Learning Functions: When Is Deep Better Than Shallow
Hrushikesh Mhaskar, Qianli Liao, Tomaso Poggio
TL;DR
This paper addresses whether depth provides a fundamental advantage for learning functions with compositional structure. By modeling deep nets as binary trees, it proves that deep architectures can match shallow accuracy for compositional targets with exponentially fewer parameters and smaller VC-dimension, supported by n-width arguments and optimality considerations. It extends the analysis to Gaussian networks and presents a general, scalable framework for hierarchical, shift-invariant computations, including a VC-dimension comparison that favors depth for the same approximation goals.
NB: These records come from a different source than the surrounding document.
Lemma join_overI k P Q : (k <= m)%N ->
  join_over b a k P `&` join_over b a k Q = join_over b a k (predI P Q).
Proof.
elim: k => [|k IH] km; first by rewrite !join_over0 meetxx.
have {}IH := IH (ltnW km).
have over_meet R S : join_over b a k R `&` (join_over b a k S `|` a k) =
    join_over b a k R `&` join_over b a k S.
  have Rc := join_over_le_step R (ltnW km).
  by rewrite -{1}(meet_idPl Rc) -meetA [c k `&` _]meetC join_over_step_meet.
rewrite !join_overS -IH /=; case: (P k); case: (Q k); rewrite /= ?joinx0.
- rewrite [X in _ = X `|` _]meetC -over_meet meetC joinC.
  by rewrite -(modT _ (leUr _ _)) joinC.
- by rewrite meetC over_meet meetC.
- exact: over_meet.
- by [].
Qed.

End Staircase.
End JoinOver.

Definition idx m (A : {set 'I_m}) : pred nat :=
  fun i => if insub i is Some j then j \in A else false.

Lemma idxE m (A : {set 'I_m}) (j : 'I_m) : idx A j = (j \in A).
Proof. by rewrite /idx valK. Qed.

Lemma idx_lt m (A : {set 'I_m}) i : idx A i -> (i < m)%N.
Proof. by rewrite /idx; case: insubP. Qed.

Lemma idxI m (A B : {set 'I_m}) : idx (A :&: B) =1 predI (idx A) (idx B).
Proof. by move=> i; rewrite /idx /=; case: insub => // j; rewrite inE. Qed.

Lemma idxU m (A B : {set 'I_m}) : idx (A :|: B) =1 predU (idx A) (idx B).
Proof. by move=> i; rewrite /idx /=; case: insub => // j; rewrite inE. Qed.

Lemma staircase_embedding {d} (L : tbLatticeType d) (b : L) a c m : modular L ->
  staircase b a c m -> forall A B : {set 'I_m},
  join_over b a m (idx A) <= join_over b a m (idx B) <-> A \subset B.
Proof.
move=> modL stair A B; split => [AB|/subsetP AB].
  apply/subsetP => j jA; rewrite -idxE.
  apply: (join_over_mem modL stair (leqnn m) (ltn_ord j)); apply: le_trans AB.
  by apply: le_join_over (ltn_ord j) _; rewrite idxE.
apply: join_over_subpred => i Ai; have im := idx_lt Ai.
by move: Ai; rewrite -[i]/(val (Ordinal im)) !idxE; apply: AB.
Qed.

Lemma breadth_staircase {d d'} (L : tbLatticeType d') (M : porderType d) (g : L -> M)
    (b : L) a c m n :
  modular L -> (forall u v, g u <= g v <-> u <= v) -> staircase b a c m ->
  breadth_le M n -> (m <= n)%N.
Proof.
move=> modL g_mono stair /(_ m (fun A => g (join_over b a m (idx A)))); apply=> A B.
exact: iff_trans (g_mono _ _) (staircase_embedding modL stair A B).
Qed.

Section IndependentAtoms.
Context {d : Order.disp_t} {T : tbLatticeType d}.
Hypothesis modT : modular T.

Definition indep_atoms (b : T) (a : nat -> T) m :=
  forall i, (i < m)%N -> covers b (a i) /\ ~~ (a i <= join_prefix b a i).

Lemma indep_atoms_upd (b : T) a j z : indep_atoms b a j -> covers b z ->
  ~~ (z <= join_prefix b a j) -> indep_atoms b (upd a j z) j.+1.
Proof.
move=> indep bz zD i; rewrite ltnS leq_eqVlt => /orP [/eqP ->|ij].
  by rewrite join_prefix_upd // /upd eqxx.
by rewrite join_prefix_upd 1?ltnW // /upd (ltn_eqF ij); exact: indep.
Qed.

Variables (b : T) (a : nat -> T) (m : nat).
Hypothesis indep : indep_atoms b a m.

Lemma indep_staircase : staircase b a (join_prefix b a) m.
Proof.
split=> [|i im]; first exact: base_le_join_over.
have [ba nle] := indep im.
rewrite join_prefixS leUl leUr nle; split=> //.
exact: covers_meet_le ba (base_le_join_over _ _ _ _) nle.
Qed.

Lemma join_prefix_sorted : sorted <%O (mkseq (join_prefix b a) m.+1).
Proof.
apply: sorted_mkseq => i im; rewrite join_prefixS lt_neqAle leUl andbT.
by apply: contraNneq (indep im).2 => ->; exact: leUr.
Qed.

Lemma join_prefix_cover i w : (i < m)%N ->
  join_prefix b a i <= w -> w <= join_prefix b a i.+1 ->
  w = join_prefix b a i \/ w = join_prefix b a i.+1.
Proof.
move=> im Dw wD; have [ba _] := indep im.
have bw : b <= w := le_trans (base_le_join_over _ _ _ _) Dw.
have bwa : b <= w `&` a i by rewrite lexI bw (ltW ba.1).
have [E|E] := covers_between ba bwa (leIr _ _).
- left; have := modT (a i) Dw; rewrite -join_prefixS meetC E (meet_idPr wD) => <-.
  by apply/join_idPl; exact: base_le_join_over.
- by right; apply/eqP; rewrite eq_le wD join_prefixS leUx Dw -E leIl.
Qed.

Lemma join_prefix_complement k z : (k <= m)%N -> b <= z -> z <= join_prefix b a k ->
  exists z', [/\ b <= z', z' <= join_prefix b a k, z `&` z' = b & z `|` z' = join_prefix b a k].
Proof.
elim: k z => [|k IH] z km bz zD.
  rewrite /join_prefix join_over0 in zD *.
  have -> : z = b by apply/eqP; rewrite eq_le bz zD.
  by exists b; rewrite meetxx joinxx lexx.
have bzD : b <= z `&` join_prefix b a k by rewrite lexI bz base_le_join_over.
have [z0 [bz0 z0D mz0 jz0]] := IH _ (ltnW km) bzD (leIr _ _).
have DD : join_prefix b a k <= join_prefix b a k.+1 by rewrite join_prefixS leUl.
set D := join_prefix b a k in IH bzD z0D mz0 jz0 DD *.
have [zD'|zD'] := boolP (z <= D).
  rewrite (meet_idPl zD') in mz0 jz0.
  have ameet : a k `&` D <= b by have [_ _ amb _] := indep_staircase.2 _ km.
  exists (z0 `|` a k); split.
  - by rewrite lexUl.
  - by rewrite join_prefixS leUx (le_trans z0D) ?leUl ?leUr.
  - rewrite -(meet_idPl zD') -meetA [D `&` _]meetC -(modT (a k) z0D).
    by rewrite (join_idPl (le_trans ameet bz0)).
  - by rewrite joinA jz0 join_prefixS.
exists z0; split => //.
- exact: le_trans z0D DD.
- by rewrite -mz0 -meetA (meet_idPr z0D).
- have zDD : z `|` D <= join_prefix b a k.+1 by rewrite leUx zD.
  have [E|E] := join_prefix_cover km (leUr _ _) zDD; rewrite -/D in E.
    by move: zD'; rewrite -E leUl.
  apply/eqP; rewrite eq_le leUx zD (le_trans z0D DD) -E leUx leUl /=.
  by rewrite -jz0 leUx lexUl ?leIl // leUr.
Qed.

Lemma exists_disjoint_above p q : b <= p -> p < q -> q <= join_prefix b a m ->
  exists s, [/\ b < s, s <= q & s `&` p <= b].
Proof.
move=> bp pq qD.
have [z [bz zD mz jz]] := join_prefix_complement (leqnn m) bp (le_trans (ltW pq) qD).
exists (z `&` q); split; last 2 first.
- exact: leIr.
- by rewrite -mz meetC meetA leIl.
have bzq : b <= z `&` q by rewrite lexI bz (le_trans bp (ltW pq)).
rewrite lt_neqAle bzq andbT; apply/eqP => E.
have : p `|` (z `&` q) = q by rewrite (modT z (ltW pq)) jz (meet_idPr qD).
by rewrite -E (join_idPl bp) => pq_eq; move: pq; rewrite pq_eq ltxx.
Qed.

End IndependentAtoms.

Section Height.
Context {d : Order.disp_t} {T : porderType d}.
Variable N : nat.
Hypothesis lenT : length_le T N.

Definition reaches (x : T) k :=
  exists f : nat -> T, (forall i, (i < k)%N -> f i < f i.+1) /\ f k = x.

Definition height x := (\max_(k < N.+1 | pbool (reaches x k)) k)%N.

Lemma reaches_le x k : reaches x k -> (k <= N)%N.
Proof.
by move=> [f [f_lt _]]; have := lenT (sorted_mkseq f_lt) (fun _ _ => I); rewrite size_mkseq.
Qed.

Lemma height_max x k : reaches x k -> (k <= height x)%N.
Proof.
move=> xk; have kN : (k < N.+1)%N by rewrite ltnS; exact: reaches_le xk.
rewrite /height.
apply: (@bigop.leq_bigmax_cond _ (fun i : 'I_N.+1 => pbool (reaches x i)) _ (Ordinal kN)).
exact/pboolP.
Qed.

Lemma reaches_height x : reaches x (height x).
Proof.
have x0 : pbool (reaches x (@ord0 N)) by apply/pboolP; exists (fun=> x).
by rewrite /height (bigop.bigmax_eq_arg ord0) //; case: arg_maxnP => // i /pboolP.
Qed.

Lemma height_bound x : (height x <= N)%N.
Proof. exact: reaches_le (reaches_height x). Qed.

Lemma height_lt x y : x < y -> (height x < height y)%N.
Proof.
move=> xy; have [f [f_lt fx]] := reaches_height x.
apply: height_max; exists (fun i => if i == (height x).+1 then y else f i).
split=> [i ix|]; last by rewrite eqxx.
rewrite eqSS (ltn_eqF ix); case: eqVneq => [->|ne]; first by rewrite fx.
by rewrite f_lt // ltn_neqAle ne -ltnS.
Qed.

Lemma height_le x y : x <= y -> (height x <= height y)%N.
Proof. by rewrite le_eqVlt => /orP [/eqP ->//|/height_lt/ltnW]. Qed.

Lemma exists_minimal (P : T -> Prop) z : P z -> exists2 w, P w & forall v, v < w -> ~ P v.
Proof.
by apply: (@exists_unimprovable _ height P (fun x y => y < x)) => x y /height_lt.
Qed.

End Height.

Section Irredundant.
Context {d : Order.disp_t} {T : tbLatticeType d}.

Definition join_others (y : nat -> T) m i := \join_(j < m | (j : nat) != i) y j.

Definition irredundant (y : nat -> T) m := forall i, (i < m)%N -> ~~ (y i <= join_others y m i).

Lemma le_join_others (y : nat -> T) m i j : (j < m)%N -> j != i -> y j <= join_others y m i.
Proof. by move=> jm ji; exact: (joins_min (j := Ordinal jm)). Qed.

Lemma irredundant_boolean_embedding m (phi : {set 'I_m} -> T) :
  (forall A B, phi A <= phi B <-> A \subset B) ->
  irredundant (fun i => phi [set j : 'I_m | val j == i]) m.
Proof.
move=> phi_mono i im; apply/negP => y_le.
have others_le : join_others (fun i => phi [set j : 'I_m | val j == i]) m i <=
    phi [set j : 'I_m | val j != i].
  apply/joinsP => j ji; apply/phi_mono/subsetP => k; rewrite !inE => /eqP ->; exact: ji.
have /subsetP /(_ (Ordinal im)) := proj1 (phi_mono _ _) (le_trans y_le others_le).
by rewrite !inE eqxx => /(_ isT).
Qed.

Lemma join_others_upd (y : nat -> T) m i z : join_others (upd y i z) m i = join_others y m i.
Proof. by apply: eq_bigr => j /negbTE ji; rewrite /upd ji. Qed.

Lemma join_others_mono (y y' : nat -> T) m i :
  (forall j, y' j <= y j) -> join_others y' m i <= join_others y m i.
Proof.
move=> y'y; apply/joinsP => j ji; apply: le_trans (y'y j) _.
exact: le_join_others (ltn_ord j) ji.
Qed.

End Irredundant.

Section ModularFiniteLength.
Context {d : Order.disp_t} {M : tbLatticeType d}.
Hypothesis modM : modular M.
Variable N : nat.
Hypothesis lenM : length_le M N.
(* (i) The following monomials of $P_5$ are strictly inadmissible: $x_1x_2^{6}x_3^{3}x_4^{6}x_5^{5}$, $x_1x_2^{6}x_3^{6}x_4^{3}x_5^{5}$, $x_1^{3}x_2^{5}x_3^{5}x_4^{2}x_5^{6}$, $x_1^{3}x_2^{5}x_3^{5}x_4^{6}x_5^{2}$, $x_1^{3}x_2^{5}x_3^{6}x_4^{5}x_5^{2}$, $x_1^{3}x_2^{4}x_3^{5}x_4^{3}x_5^{6}$, $x_1^{3}x_2^{4}x_3^{5}x_4^{6}x_5^{3}$, $x_1^{3}x_2^{5}x_3^{4}x_4^{3}x_5^{6}$, $x_1^{3}x_2^{5}x_3^{4}x_4^{6}x_5^{3}$, $x_1^{3}x_2^{5}x_3^{6}x_4^{4}x_5^{3}$. (ii) The following monomials of $P_5$ are strongly inadmissible: $x_1x_2^{3}x_3^{6}x_4^{6}x_5^{5}$, $x_1^{3}x_2x_3^{6}x_4^{6}x_5^{5}$, $x_1^{3}x_2^{5}x_3^{6}x_4^{6}x_5$, $x_1^{3}x_2^{5}x_3^{2}x_4^{6}x_5^{5}$, $x_1^{3}x_2^{5}x_3^{6}x_4^{2}x_5^{5}$.
   Context: $P_5=\mathbb F_2[x_1,\dots,x_5]$, $\deg x_i=1$, a module over the mod-2 Steenrod algebra $\mathcal A$. $\mathcal A(s-1)$ is the sub-Hopf algebra generated by $Sq^r$, $0\le r<2^s$, with augmentation ideal $\mathcal A(s-1)^+$. For $x=x_1^{a_1}\cdots x_5^{a_5}$: weight vector $\omega_i(x)=\sum_j\alpha_{i-1}(a_j)$ ($\alpha_r(a)$ the $r$-th binary digit), exponent vector $\sigma(x)=(a_1,\dots,a_5)$, both ordered left-lexicographically; for monomials of equal degree, $x<y$ iff $\omega(x)<\omega(y)$, or $\omega(x)=\omega(y)$ and $\sigma(x)<\sigma(y)$. $P_5^-(\omega)$ is spanned by monomials $y$ of degree $\sum_i2^{i-1}\omega_i$ with $\omega(y)<\omega$. Minimal spike of degree $n$: if $\mu(n)=s\le5$, where $\mu(n)$ is the least $r$ with $n=\sum_{i=1}^r(2^{u_i}-1)$, $u_i>0$, write uniquely $n=\sum_{i=1}^s(2^{e_i}-1)$, $e_1>\dots>e_{s-1}\ge e_s>0$; the minimal spike is $z=\prod_{i=1}^sx_i^{2^{e_i}-1}$. $\mathcal P_{(5,n)}$ is spanned by monomials $x$ of degree $n$ with $\sum_{j=1}^h2^{j-1}\omega_j(x)<\sum_{j=1}^h2^{j-1}\omega_j(z)$ for some $h\ge1$. With $s=\max\{i:\omega_i(x)>0\}$: a monomial $x$ is strictly inadmissible if there are monomials $y_1,\dots,y_r<x$ with $x+\sum_jy_j\in\mathcal A(s-1)^+P_5+P_5^-(\omega(x))$; a monomial $x$ of degree $n$ is strongly inadmissible if there are monomials $y_1,\dots,y_t$ with $\omega(y_u)=\omega(x)$, $y_u<x$, and $x+\sum_uy_u\in\mathcal A(s-1)^+P_5+P_5^-(\omega(x))+\mathcal P_{(5,n)}$. *)

From HB Require Import structures.
From mathcomp Require Import all_boot all_order all_algebra.
From mathcomp Require Import mpoly.
Set Implicit Arguments. Unset Strict Implicit. Unset Printing Implicit Defensive.
Import GRing.Theory.
Local Open Scope ring_scope.

Definition mon5 := 'X_{1..5}.
Definition P5 := {mpoly 'F_2[5]}.

Definition mkmon (a b c d e : nat) : mon5 := [multinom of [:: a; b; c; d; e]].

(* Sq^k(x_1^{a_1}...x_5^{a_5}) = sum_{k_1+...+k_5=k} prod_j C(a_j,k_j) x_j^{a_j+k_j}
   (Cartan formula together with Sq^k(x^a) = C(a,k) x^{a+k}). *)
Definition Sq_mon (k : nat) (m : mon5) : P5 :=
  \sum_(t : {ffun 'I_5 -> 'I_k.+1} | (\sum_(i < 5) (t i : nat))%N == k)
     ((\prod_(i < 5) 'C(m i, t i))%N)%:R *: 'X_[[multinom (m i + t i)%N | i < 5]].

Definition Sq (k : nat) (p : P5) : P5 :=
  \sum_(m <- msupp p) p@_m *: Sq_mon k m.

Definition Sqw (w : seq nat) (p : P5) : P5 := foldr Sq p w.

(* A(s-1)^+ P_5: the subspace spanned by theta(f), f in P_5, theta a (nonempty)
   product of generators Sq^r of A(s-1) with 0 < r < 2^s; these products span
   the augmentation ideal A(s-1)^+ (Sq^0 = 1). *)
Inductive AplusP (s : nat) : P5 -> Prop :=
  | AplusP0 : AplusP s 0
  | AplusPD f g : AplusP s f -> AplusP s g -> AplusP s (f + g)
  | AplusPgen (w : seq nat) (f : P5) :
      w != [::] -> all (fun r => (0 < r < 2 ^ s)%N) w -> AplusP s (Sqw w f).

Definition alpha (r a : nat) : nat := odd (a %/ 2 ^ r).

(* wt m k = omega_{k+1}(m)  (0-based index) *)
Definition wt (m : mon5) (k : nat) : nat := (\sum_(j < 5) alpha k (m j))%N.

Definition wlt (u v : nat -> nat) : Prop :=
  exists k, (u k < v k)%N /\ forall j, (j < k)%N -> u j = v j.

Definition sigma_lt (m1 m2 : mon5) : Prop :=
  exists i : 'I_5, (m1 i < m2 i)%N /\ forall j : 'I_5, (j < i)%N -> m1 j = m2 j.

Definition mon_lt (x y : mon5) : Prop :=
  mdeg x = mdeg y /\
  (wlt (wt x) (wt y) \/ (wt x =1 wt y /\ sigma_lt x y)).

(* P_5^-(omega) for omega a weight vector of degree d = sum_i 2^{i-1} omega_i:
   spanned by monomials y of degree d with omega(y) < omega. *)
Definition Pminus (w : nat -> nat) (d : nat) (f : P5) : Prop :=
  forall m, m \in msupp f -> mdeg m = d /\ wlt (wt m) w.

(* s = max{ i : omega_i(x) > 0 } (1-based) *)
Definition top_weight (x : mon5) (s : nat) : Prop :=
  (0 < s)%N /\ (0 < wt x s.-1)%N /\ forall k, (s <= k)%N -> wt x k = 0%N.

Definition spike_sum (u : seq nat) : nat := sumn [seq (2 ^ e - 1)%N | e <- u].

Definition min_spike (n : nat) (z : mon5) : Prop :=
  exists e : seq nat,
    (size e <= 5)%N /\
    n = spike_sum e /\
    (* size e = mu(n): no shorter representation of n as a sum of 2^u - 1, u > 0 *)
    (forall u : seq nat, all (fun v => (0 < v)%N) u -> n = spike_sum u ->
       (size e <= size u)%N) /\
    (forall i, (i.+2 < size e)%N -> (nth 0%N e i.+1 < nth 0%N e i)%N) /\
    (forall i, i.+2 = size e -> (nth 0%N e i.+1 <= nth 0%N e i)%N) /\
    (0 < nth 0%N e (size e).-1)%N /\
    (forall i : 'I_5, z i = (if (i < size e)%N then 2 ^ nth 0%N e i - 1 else 0)%N).
Definition Pcal (n : nat) (z : mon5) (f : P5) : Prop :=
  forall m, m \in msupp f ->
    mdeg m = n /\
    exists h, (\sum_(k < h.+1) 2 ^ k * wt m k < \sum_(k < h.+1) 2 ^ k * wt z k)%N.

Definition strictly_inadmissible (x : mon5) : Prop :=
  exists s, top_weight x s /\
  exists ys : seq mon5, (forall y, y \in ys -> mon_lt y x) /\
  exists a b : P5, AplusP s a /\ Pminus (wt x) (mdeg x) b /\
    'X_[x] + \sum_(y <- ys) 'X_[y] = a + b.

Definition strongly_inadmissible (x : mon5) : Prop :=
  exists s, top_weight x s /\
  exists z, min_spike (mdeg x) z /\
  exists ys : seq mon5,
    (forall y, y \in ys -> wt y =1 wt x /\ mon_lt y x) /\
  exists a b c : P5, AplusP s a /\ Pminus (wt x) (mdeg x) b /\ Pcal (mdeg x) z c /\
    'X_[x] + \sum_(y <- ys) 'X_[y] = a + b + c.

From mathcomp Require Import all_boot all_order all_algebra.
From mathcomp Require Import mpoly.
From mathcomp Require Import zify.
Set Implicit Arguments. Unset Strict Implicit. Unset Printing Implicit Defensive.
Import GRing.Theory.
Local Open Scope ring_scope.

(* Every monomial in the statement is shown (strictly or strongly) inadmissible by
   an explicit witness of the defining identity
      x + sum_j y_j = sum_i Sq^{r_i}(g_i) + (terms of lower weight) [+ terms of P_(5,21)],
   with all r_i in {1, 2}, i.e. in A(2)^+, since x has top weight index s = 3.
   The witnesses (certificates) are finite lists of exponent vectors; the file
   develops a boolean checker for them and proves it sound:
   - monomials of P_5 are identified with their exponent lists of length 5;
   - the coefficients of Sq^k(x^g) are given by the Cartan formula as a product of
     binomial coefficients, which is computable on exponent lists;
   - an identity between sums of monomials and of squares holds in P_5 = F_2[x_1..x_5]
     as soon as every exponent list of the right degree occurs an even number of
     times on its two sides, which is checked over all compositions of the degree;
   - the weight and exponent orders, the top weight index, the spike condition of
     P_(5,n) and the minimal spike of degree 21 are decided on exponent lists. *)

Definition expseq (m : mon5) : seq nat := tval (multinom_val m).

Definition mk (l : seq nat) : mon5 :=
  mkmon (nth 0 l 0) (nth 0 l 1) (nth 0 l 2) (nth 0 l 3) (nth 0 l 4).

Lemma expseq_inj : injective expseq.
Proof. by move=> m1 m2 E; apply/val_inj/val_inj. Qed.

Lemma expseq_mk l : size l = 5%N -> expseq (mk l) = l.
Proof. by case: l => [|a [|b [|c [|d [|e [|]]]]]]. Qed.

Lemma mk_expseq m : mk (expseq m) = m.
Proof. by apply: expseq_inj; rewrite expseq_mk // size_tuple. Qed.

Lemma mon5_cases (P : mon5 -> Prop) :
  (forall a b c d e, P (mkmon a b c d e)) -> forall m, P m.
Proof. by move=> Pmk m; rewrite -[m]mk_expseq; apply: Pmk. Qed.

Lemma mk_nth l (i : 'I_5) : size l = 5%N -> mk l i = nth 0%N l i.
Proof. by move=> size_l; rewrite (mnm_nth 0) -/(expseq (mk l)) expseq_mk. Qed.

Lemma mdeg_expseq m : mdeg m = sumn (expseq m).
Proof. by rewrite sumnE. Qed.

Lemma wt_expseq m k : wt m k = sumn [seq alpha k a | a <- expseq m].
Proof. by rewrite /wt sumnE big_map big_tuple. Qed.

Lemma mdeg_shift (g : mon5) (t : 'I_5 -> nat) :
  mdeg [multinom (g i + t i)%N | i < 5] = (mdeg g + \sum_(i < 5) t i)%N.
Proof.
by rewrite !mdegE -big_split; apply: eq_bigr => i _; rewrite mnmE.
Qed.
(* For every $n\geq1$ and all $N\times N$ real symmetric positive semidefinite matrices $A_{1},\ldots,A_{n},X$, \[ \Delta_{A_{1}}\Delta_{A_{2}}\cdots\Delta_{A_{n}}\det(X)=\sum_{k=0}^{n}(-1)^{n-k}\sum_{1\leq i_{1}<\cdots<i_{k}\leq n}\det(A_{i_{1}}+\cdots+A_{i_{k}}+X)\geq0 \] (the $k=0$ term being $(-1)^n\det X$). In other words, the restriction of $\det$ to the cone of positive semidefinite $N\times N$ real symmetric matrices has positive differences of every order $n\geq0$.
   Context: $(\Delta_{H}f)(X)=f(X+H)-f(X)$. A function $f$ on a convex cone has positive differences of order $n\geq1$ if $\Delta_{H_1}\cdots\Delta_{H_n}f(X)\geq0$ for all $X,H_1,\ldots,H_n$ in the cone, and of order $0$ if $f\geq0$. *)

From HB Require Import structures.
From mathcomp Require Import all_boot all_order all_algebra.
From mathcomp Require Import reals.
Set Implicit Arguments. Unset Strict Implicit. Unset Printing Implicit Defensive.
Import Order.TTheory GRing.Theory Num.Theory.
Local Open Scope ring_scope.

Definition Delta (V : zmodType) (R : zmodType) (H : V) (f : V -> R) : V -> R :=
  fun X => f (X + H) - f X.

Fixpoint iterDelta (V : zmodType) (R : zmodType) (n : nat)
    (A : nat -> V) (f : V -> R) : V -> R :=
  match n with
  | 0 => f
  | n'.+1 => Delta (A 0%N) (iterDelta n' (fun i => A i.+1) f)
  end.

Definition psd (R : realType) (N : nat) (M : 'M[R]_N) : Prop :=
  M^T = M /\ forall v : 'cV[R]_N, 0 <= (v^T *m M *m v) 0 0.

From HB Require Import structures.
From mathcomp Require Import all_boot all_order all_algebra.
From mathcomp Require Import reals.
From mathcomp Require Import ring.
Set Implicit Arguments. Unset Strict Implicit. Unset Printing Implicit Defensive.
Import Order.TTheory GRing.Theory Num.Theory.
Local Open Scope ring_scope.

(* Induction on the size N of the matrices.  To bound
   Delta_H (Delta_{A_2} ... Delta_{A_n} det) (X) for psd H, one Schur-complement
   step writes H as a nonnegative multiple of c c^T (c a column of H) plus a psd
   matrix with fewer nonzero diagonal entries; since
   Delta_{H1 + H2} g (X) = Delta_{H1} g (X + H2) + Delta_{H2} g (X), it suffices
   to treat H = a c c^T.  A congruence W |-> L W L^T multiplies det by det(L)^2,
   preserves psd matrices and maps b E_00 to a c c^T for suitable L and b >= 0.
   Finally Delta_{b E_00} det (W) = b det(W'), where the (0,0) minor W' of W is
   again a congruence image of W; as difference operators commute, the whole
   expression becomes b det(L)^2 times an iterated difference of det in size
   N - 1 at psd arguments.  The explicit formula is inclusion-exclusion. *)

Section Differences.
Variables V R : zmodType.
Implicit Types (B : nat -> V) (f g : V -> R).

Lemma eq_Delta h f g : f =1 g -> Delta h f =1 Delta h g.
Proof. by move=> eq_fg X; rewrite /Delta !eq_fg. Qed.

Lemma eq_iterDelta n B f g : f =1 g -> iterDelta n B f =1 iterDelta n B g.
Proof. by elim: n B => [|n IHn] B eq_fg //=; apply/eq_Delta/IHn. Qed.

Lemma eq_iterDelta_dir n B B' f : B =1 B' -> iterDelta n B f =1 iterDelta n B' f.
Proof.
elim: n B B' => [|n IHn] B B' eqB X //=.
by rewrite /Delta eqB !(IHn _ (fun i => B' i.+1)).
Qed.

Lemma DeltaC a b f : Delta a (Delta b f) =1 Delta b (Delta a f).
Proof.
move=> X; rewrite /Delta !opprB !addrA (addrAC X a b).
by rewrite [LHS]addrAC [RHS]addrAC (addrAC _ (- f (X + a))).
Qed.

Lemma Delta_iterDelta n B h f :
  Delta h (iterDelta n B f) =1 iterDelta n B (Delta h f).
Proof.
elim: n B => [|n IHn] B X //=.
by rewrite DeltaC; apply: eq_Delta.
Qed.

Lemma Delta0 f : Delta 0 f =1 fun=> 0.
Proof. by move=> X; rewrite /Delta addr0 subrr. Qed.

Lemma DeltaD a b f X : Delta (a + b) f X = Delta a f (X + b) + Delta b f X.
Proof. by rewrite /Delta addrA (addrAC X a b) addrA subrK. Qed.

Lemma iterDelta_cst n B (c : R) :
  iterDelta n B (fun=> c) =1 fun=> if n is 0 then c else 0.
Proof.
elim: n B => [|n IHn] B X //=.
by rewrite /Delta !IHn subrr; case: n {IHn}.
Qed.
The results offer a rigorous explanation for the empirical success of deep, multi-scale architectures such as CNNs and ResNets, and provide guidance on when depth is beneficial versus when it is not.
Abstract
While the universal approximation property holds both for hierarchical and shallow networks, we prove that deep (hierarchical) networks can approximate the class of compositional functions with the same accuracy as shallow networks but with exponentially lower number of training parameters as well as VC-dimension. This theorem settles an old conjecture by Bengio on the role of depth in networks. We then define a general class of scalable, shift-invariant algorithms to show a simple and natural set of requirements that justify deep convolutional networks.